Brief: Please repeat the records below exactly, from the first line through the line containing "(* [y] is an", and nothing more.

*** Opening of Data to use ***

Lemma iter_homo n : {homo iter n F : x y / x <= y}.
Proof. by elim: n => [//|n IHn] x y xy /=; apply/F_homo/IHn. Qed.

Lemma iter_degree_one n : degree_one (iter n F).
Proof. by elim: n => [//|n IHn] t /=; rewrite IHn F1. Qed.

(* [y] is an integer translate of some [y'] in [[x, x + 1)] *)
Lemma iter_displacement_le1 n x y : `|(iter n F y - y) - (iter n F x - x)| <= 1.
Proof.
set m := Num.floor (y - x).
have m_le : m%:~R <= y - x by apply: floor_le.
have m_gt : y - x < (m + 1)%:~R by apply: floorD1_gt.
rewrite intrD in m_gt.
set y' := y - m%:~R.
have -> : iter n F y = iter n F y' + m%:~R.
  by rewrite -degree_one_intD ?subrK //; exact: iter_degree_one.
have lo : iter n F x <= iter n F y' by apply: iter_homo; rewrite /y'; lra.
have hi : iter n F y' <= iter n F x + 1.
  by rewrite -(iter_degree_one n x); apply: iter_homo; rewrite /y'; lra.
by rewrite ler_norml; apply/andP; split; rewrite /y' in lo hi *; lra.
Qed.

Lemma iter_mul_dev (k n : nat) : `|iter (k * n) F 0 - k%:R * iter n F 0| <= k%:R.
Proof.
elim: k => [|k IHk]; first by rewrite mul0n /= mul0r subrr normr0.
rewrite mulSn iterD; set y := iter (k * n) F 0.
have := iter_displacement_le1 n 0 y; rewrite !subr0 => disp.
have -> : iter n F y - k.+1%:R * iter n F 0 =
    (iter n F y - y - iter n F 0) + (y - k%:R * iter n F 0).
  by rewrite -[k.+1]addn1 natrD; ring.
by apply: le_trans (ler_normD _ _) _; rewrite -[k.+1]addn1 natrD; lra.
Qed.

Lemma iter_ratio_mul m n : (0 < m)%N -> (0 < n)%N ->
  `|iter (m * n) F 0 / (m * n)%:R - iter n F 0 / n%:R| <= n%:R^-1.
Proof.
move=> m_gt0 n_gt0.
have mR : (0 : R) < m%:R by rewrite ltr0n.
have nR : (0 : R) < n%:R by rewrite ltr0n.
have -> : iter (m * n) F 0 / (m * n)%:R - iter n F 0 / n%:R =
    (iter (m * n) F 0 - m%:R * iter n F 0) / (m%:R * n%:R).
  by rewrite natrM; field; rewrite !gt_eqF.
rewrite normrM [`|(_ * _)^-1|]ger0_norm; last by rewrite invr_ge0 mulr_ge0 ?ltW.
rewrite ler_pdivrMr ?mulr_gt0 //.
have -> : n%:R^-1 * (m%:R * n%:R) = m%:R :> R by field; rewrite gt_eqF.
exact: iter_mul_dev.
Qed.

Lemma cvg_iter_ratio0 : cvg ((fun n => iter n F 0 / n%:R) @ \oo).
Proof.
apply: cauchy_cvg; apply: cauchy_exP => e e_gt0.
set M := (Num.truncn (2 / e)).+1.
have M_gt : 2 / e < M%:R by apply: truncnS_gt.
have MR : (0 : R) < M%:R by rewrite ltr0n.
exists (iter M F 0 / M%:R), M => // n Mn.
have n_gt0 : (0 < n)%N by exact: leq_trans Mn.
rewrite -ball_normE; change (`|iter M F 0 / M%:R - iter n F 0 / n%:R| < e).
have M_gt0 : (0 < M)%N by [].
have le_M := iter_ratio_mul n_gt0 M_gt0; have le_n := iter_ratio_mul M_gt0 n_gt0.
rewrite mulnC in le_n.
have : n%:R^-1 <= M%:R^-1 :> R by rewrite lef_pV2 ?posrE ?ltr0n ?ler_nat.
have : 2 / M%:R < e by rewrite ltr_pdivrMr // mulrC -ltr_pdivrMr.
have -> : (2 : R) / M%:R = M%:R^-1 + M%:R^-1 by field; rewrite gt_eqF.
move: le_n le_M; rewrite ltr_norml !ler_norml; lra.
Qed.

Lemma rotation_limit_exists :
  exists rho : R, forall x, (fun n => iter n F x / n%:R) @ \oo --> rho.
Proof.
exists (limn (fun n => iter n F 0 / n%:R)) => x.
rewrite -[limn _]addr0; apply: (@cvg_ratio_shift (fun n => iter n F 0) _ 0 (1 + `|x|)).
- move=> n; rewrite mulr0 addr0.
  have -> : iter n F x - iter n F 0 = (iter n F x - x - (iter n F 0 - 0)) + x by ring.
  by apply: le_trans (ler_normD _ _) _; rewrite lerD2r iter_displacement_le1.
- exact: cvg_iter_ratio0.
Qed.

End RotationLimit.

Lemma rotation_limit_close F G (x0 C rho : R) :
  {homo G : x y / x <= y} -> degree_one G ->
  (forall n, `|iter n G x0 - iter n F x0| <= C) ->
  (forall x, (fun n => iter n F x / n%:R) @ \oo --> rho) ->
  forall x, (fun n => iter n G x / n%:R) @ \oo --> rho.
Proof.
move=> G_homo G1 GF_close F_rho.
have [rhoG G_rho] := rotation_limit_exists G_homo G1.
have G_rho0 : (fun n => iter n G x0 / n%:R) @ \oo --> rho.
  rewrite -[rho]addr0.
  by apply: (cvg_ratio_shift _ (F_rho x0)) => n; rewrite mulr0 addr0.
by rewrite -(cvg_unique _ (G_rho x0) G_rho0).
Qed.

Lemma orient_pres_homeo_lift g : orient_pres_homeo g -> exists F, monotone_lift g F.
Proof.
case=> [[[_ g_inj _] _] [F [[Fc F_lift] F1]]]; exists F; split; [by [] | | by []].
exact: lift_monotone Fc (lift_injective g_inj F_lift F1) F1.
Qed.

Lemma has_rotation_number_lift g F rho : is_lift g F -> degree_one F ->
  (forall x, (fun n => iter n F x / n%:R) @ \oo --> rho) -> has_rotation_number g rho.
Proof.
move=> [Fc F_lift] F1 F_rho G [Gc G_lift] x.
have [c GF] := lift_eq_shift Fc Gc (fun t => etrans (G_lift t) (esym (F_lift t))).
exists c; apply: (cvg_ratio_shift _ (F_rho x)) => n.
by rewrite (iter_addz F1 GF) subrr normr0.
Qed.

Definition between p u q := (p <= u /\ u <= q) \/ (q <= u /\ u <= p).

Lemma between_refl p q : between p p q.
Proof. by case: (leP p q) => ?; [left|right]; split; lra. Qed.

Lemma between_sym p u q : between p u q -> between q u p.
Proof. by case=> ?; [right|left]. Qed.

Lemma between_split p q r u : between p u r -> between p u q \/ between q u r.
Proof.
rewrite /between => -[[? ?]|[? ?]]; case: (leP u q) => ?.
- by left; left.
- by right; left; split; lra.
- by right; right; split; lra.
- by left; right; split; lra.
Qed.

Lemma between_trans p q r u : between p r q -> between p u r -> between p u q.
Proof. by rewrite /between => -[[? ?]|[? ?]] [[? ?]|[? ?]]; lra. Qed.

Section Joined.
Variables (Ahat : set (set (R * R))) (h : set (R * R) -> set (R * R)).
Hypotheses (A_S1 : forall J, Ahat J -> J `<=` S1)
  (A_ne : forall J, Ahat J -> J !=set0)
  (A_disj : forall J K, Ahat J -> Ahat K -> J <> K -> J `&` K = set0)
  (A_two : exists J1 J2, [/\ Ahat J1, Ahat J2 & J1 <> J2])
  (A_shape : forall J, Ahat J -> (exists z, J = [set z]) \/ open_arc J)
  (hA : forall J, Ahat J -> Ahat (h J)).

Lemma Ahat_eq_of_meet J K z : Ahat J -> Ahat K -> J z -> K z -> J = K.
Proof.
move=> AJ AK Jz Kz; apply: contrapT => JK.
by have /seteqP[/(_ z (conj Jz Kz))] := A_disj AJ AK JK.
Qed.

Definition joined p q := exists2 K, Ahat K & forall u, between p u q -> K (cover u).

Lemma joined_refl K p : Ahat K -> K (cover p) -> joined p p.
Proof. by move=> AK Kp; exists K => // u [[? ?]|[? ?]]; have -> : u = p by lra. Qed.

Lemma joined_sym p q : joined p q -> joined q p.
Proof. by case=> K AK Kpq; exists K => // u /between_sym /Kpq. Qed.

Lemma joined_trans p q r : joined p q -> joined q r -> joined p r.
Proof.
move=> [K AK Kpq] [K' AK' Kqr].
have KK' : K = K'.
  by apply: (Ahat_eq_of_meet (z := cover q)) => //; [apply: Kpq|apply: Kqr];
    rewrite /between; lra.
by exists K => // u /(between_split q) [/Kpq //|]; rewrite KK'; exact: Kqr.
Qed.

Lemma joined_intD p q (m : int) : joined p q -> joined (p + m%:~R) (q + m%:~R).
Proof.
move=> [K AK Kpq]; exists K => // u pqu.
rewrite -(subrK m%:~R u) cover_intD; apply: Kpq.
by case: pqu => -[? ?]; [left|right]; split; lra.
Qed.

Lemma joined_subl p q r : joined p q -> between p r q -> joined p r.
Proof. by move=> [K AK Kpq] pqr; exists K => // u /(between_trans pqr) /Kpq. Qed.

Lemma joined_subr p q r : joined p q -> between p r q -> joined r q.
Proof. by move=> /joined_sym pq /between_sym /(joined_subl pq) /joined_sym. Qed.

(* a second element of [Ahat] meets the image of every segment of length 1 *)
Lemma joined_lt1 p q : joined p q -> `|p - q| < 1.
Proof.
move=> [K AK Kpq]; rewrite ltNge; apply/negP => pq_ge1.
have [J AJ JK] : exists2 J, Ahat J & J <> K.
  have [J1 [J2 [AJ1 AJ2 J12]]] := A_two.
  have [J1K|] := pselect (J1 = K); last by exists J1.
  by exists J2 => // J2K; apply: J12; rewrite J1K J2K.
have [z Jz] := A_ne AJ; have [t tz] := S1_cover (A_S1 AJ Jz).
apply: JK; apply: (Ahat_eq_of_meet (z := z)) => //; rewrite -tz.
have [pq|qp] := leP p q.
- have [t' /andP[? ?] <-] := cover_shift_itv p t; apply: Kpq; left.
  by move: pq_ge1; rewrite ler0_norm ?subr_le0 // => ?; split; lra.
- have [t' /andP[? ?] <-] := cover_shift_itv q t; apply: Kpq; right.
  by move: pq_ge1; rewrite ger0_norm ?subr_ge0 ?(ltW qp) // => ?; split; lra.
Qed.

Lemma joined_of_mem K p q : Ahat K -> K (cover p) -> K (cover q) ->
  exists m : int, joined p (q + m%:~R).
Proof.
move=> AK Kp Kq; case: (A_shape AK) => [[z Kz]|[a [b [ab [ba1 Kab]]]]].
  have [m pq] : exists m : int, p = q + m%:~R.
    by apply: cover_eq_shift; move: Kp Kq; rewrite Kz => -> ->.
  by exists m; rewrite -pq; exact: joined_refl AK Kp.
move: (Kp) (Kq); rewrite Kab => -[v abv vp] [w abw wq].
have [i pv] := cover_eq_shift (esym vp); have [j qw] := cover_eq_shift (esym wq).
exists (i - j); exists K => // u pqu.
rewrite Kab; exists (u - i%:~R); last by rewrite -[in RHS](subrK i%:~R u) cover_intD.
move: abv abw; rewrite /= !in_itv /= => /andP[? ?] /andP[? ?].
by rewrite intrB in pqu; apply/andP; case: pqu => -[? ?]; split; lra.
Qed.

Lemma lift_mem_image g F K t : monotone_lift g F -> compatible Ahat h g ->
  Ahat K -> K (cover t) -> h K (cover (F t)).
Proof.
by move=> [[_ F_lift] _ _] comp AK Kt; rewrite F_lift -(comp K AK); exists (cover t).
Qed.

Lemma joined_image g F p q : monotone_lift g F -> compatible Ahat h g ->
  joined p q -> joined (F p) (F q).
Proof.
move=> L comp [K AK Kpq]; have [[Fc F_lift] Fm _] := L.
have seg_onto p' q' u : p' <= q' -> F p' <= u <= F q' ->
    exists2 w, between p' w q' & F w = u.
  move=> pq' Fpqu.
  have Fc' : {within `[p', q'], continuous F} by exact: continuous_subspaceT.
  have : Num.min (F p') (F q') <= u <= Num.max (F p') (F q').
    case/andP: Fpqu => ? ?; rewrite ge_min le_max.
    by apply/andP; split; apply/orP; [left|right].
  by move=> /(IVT pq' Fc') [w]; rewrite in_itv => /andP[? ?] Fw; exists w => //; left.
exists (h K); first exact: hA.
move=> u pqu; have [w pqw <-] : exists2 w, between p w q & F w = u.
  case: pqu => -[? ?].
  - by apply: seg_onto; [rewrite -Fm; lra | apply/andP].
  - have [||w ? ?] := seg_onto q p u; [rewrite -Fm; lra | exact/andP |].
    by exists w => //; exact: between_sym.
exact: lift_mem_image L comp AK (Kpq w pqw).
Qed.

Lemma joined_preimage g F K p q : monotone_lift g F -> compatible Ahat h g ->
  set_inj S1 g -> Ahat K -> K (cover p) -> joined (F p) (F q) -> joined p q.
Proof.
move=> L comp g_inj AK Kp [K' AK' K'pq]; have [[_ F_lift] Fm _] := L.
have K'hK : K' = h K.
  apply: (Ahat_eq_of_meet (z := cover (F p))) => //; first exact: hA.
  - by apply: K'pq; exact: between_refl.
  - exact: lift_mem_image L comp AK Kp.
exists K => // u pqu.
have : K' (cover (F u)) by apply: K'pq; case: pqu => -[? ?]; [left|right]; rewrite !Fm.
rewrite K'hK -(comp K AK) F_lift => -[v Kv gv].
suff -> : cover u = v by [].
by apply: g_inj => //; apply: mem_set; [exact: cover_S1 | exact: A_S1 Kv].
Qed.

(* an integer shift between [x] and [y] would push one of them across the
   segment joining [a] or [a + 1] to [b] or [b + 1] *)
Lemma joined_shift_eq0 a b x y (m : int) : joined b a ->
  a < x -> x < a + 1 -> b < y -> y < b + 1 ->
  ~ joined x a -> ~ joined x (a + 1) -> ~ joined y b -> ~ joined y (b + 1) ->
  joined y (x + m%:~R) -> m = 0.
Proof.
move=> ba ax xa1 b_y yb1 not_xa not_xa1 not_yb not_yb1 yxm.
have shift_back p q : joined (p + m%:~R) q -> joined p (q - m%:~R).
  by move/(joined_intD (- m)); rewrite mulrNz -addrA subrr addr0.
have [m_lt0|m_gt0|//] := ltrgtP m 0.
- have m_le : m%:~R <= -1 :> R by rewrite -mulrN1z ler_int; lia.
  have [xm_le|xm_gt] := leP (x + m%:~R) b.
    by case: not_yb; apply: joined_subl yxm _; right; lra.
  have /shift_back : joined (x + m%:~R) a by apply: joined_subr ba _; left; lra.
  by move=> /joined_subl x_am; case: not_xa1; apply: x_am; left; lra.
- have m_ge : 1 <= m%:~R :> R by rewrite ler1z; lia.
  have [xm_ge|xm_lt] := leP (b + 1) (x + m%:~R).
    by case: not_yb1; apply: joined_subl yxm _; left; lra.
  have a1b1 : joined (a + 1) (b + 1) by exact: joined_sym (joined_intD 1 ba).
  have /joined_sym /shift_back : joined (a + 1) (x + m%:~R).
    by apply: joined_subl a1b1 _; left; lra.
  by move=> /joined_subl x_a1m; case: not_xa; apply: x_a1m; right; lra.
Qed.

*** Close of Data to use ***

Answer space:
Lemma iter_homo n : {homo iter n F : x y / x <= y}.
Proof. by elim: n => [//|n IHn] x y xy /=; apply/F_homo/IHn. Qed.

Lemma iter_degree_one n : degree_one (iter n F).
Proof. by elim: n => [//|n IHn] t /=; rewrite IHn F1. Qed.

(* [y] is an integer translate of some [y'] in [[x, x + 1)] *)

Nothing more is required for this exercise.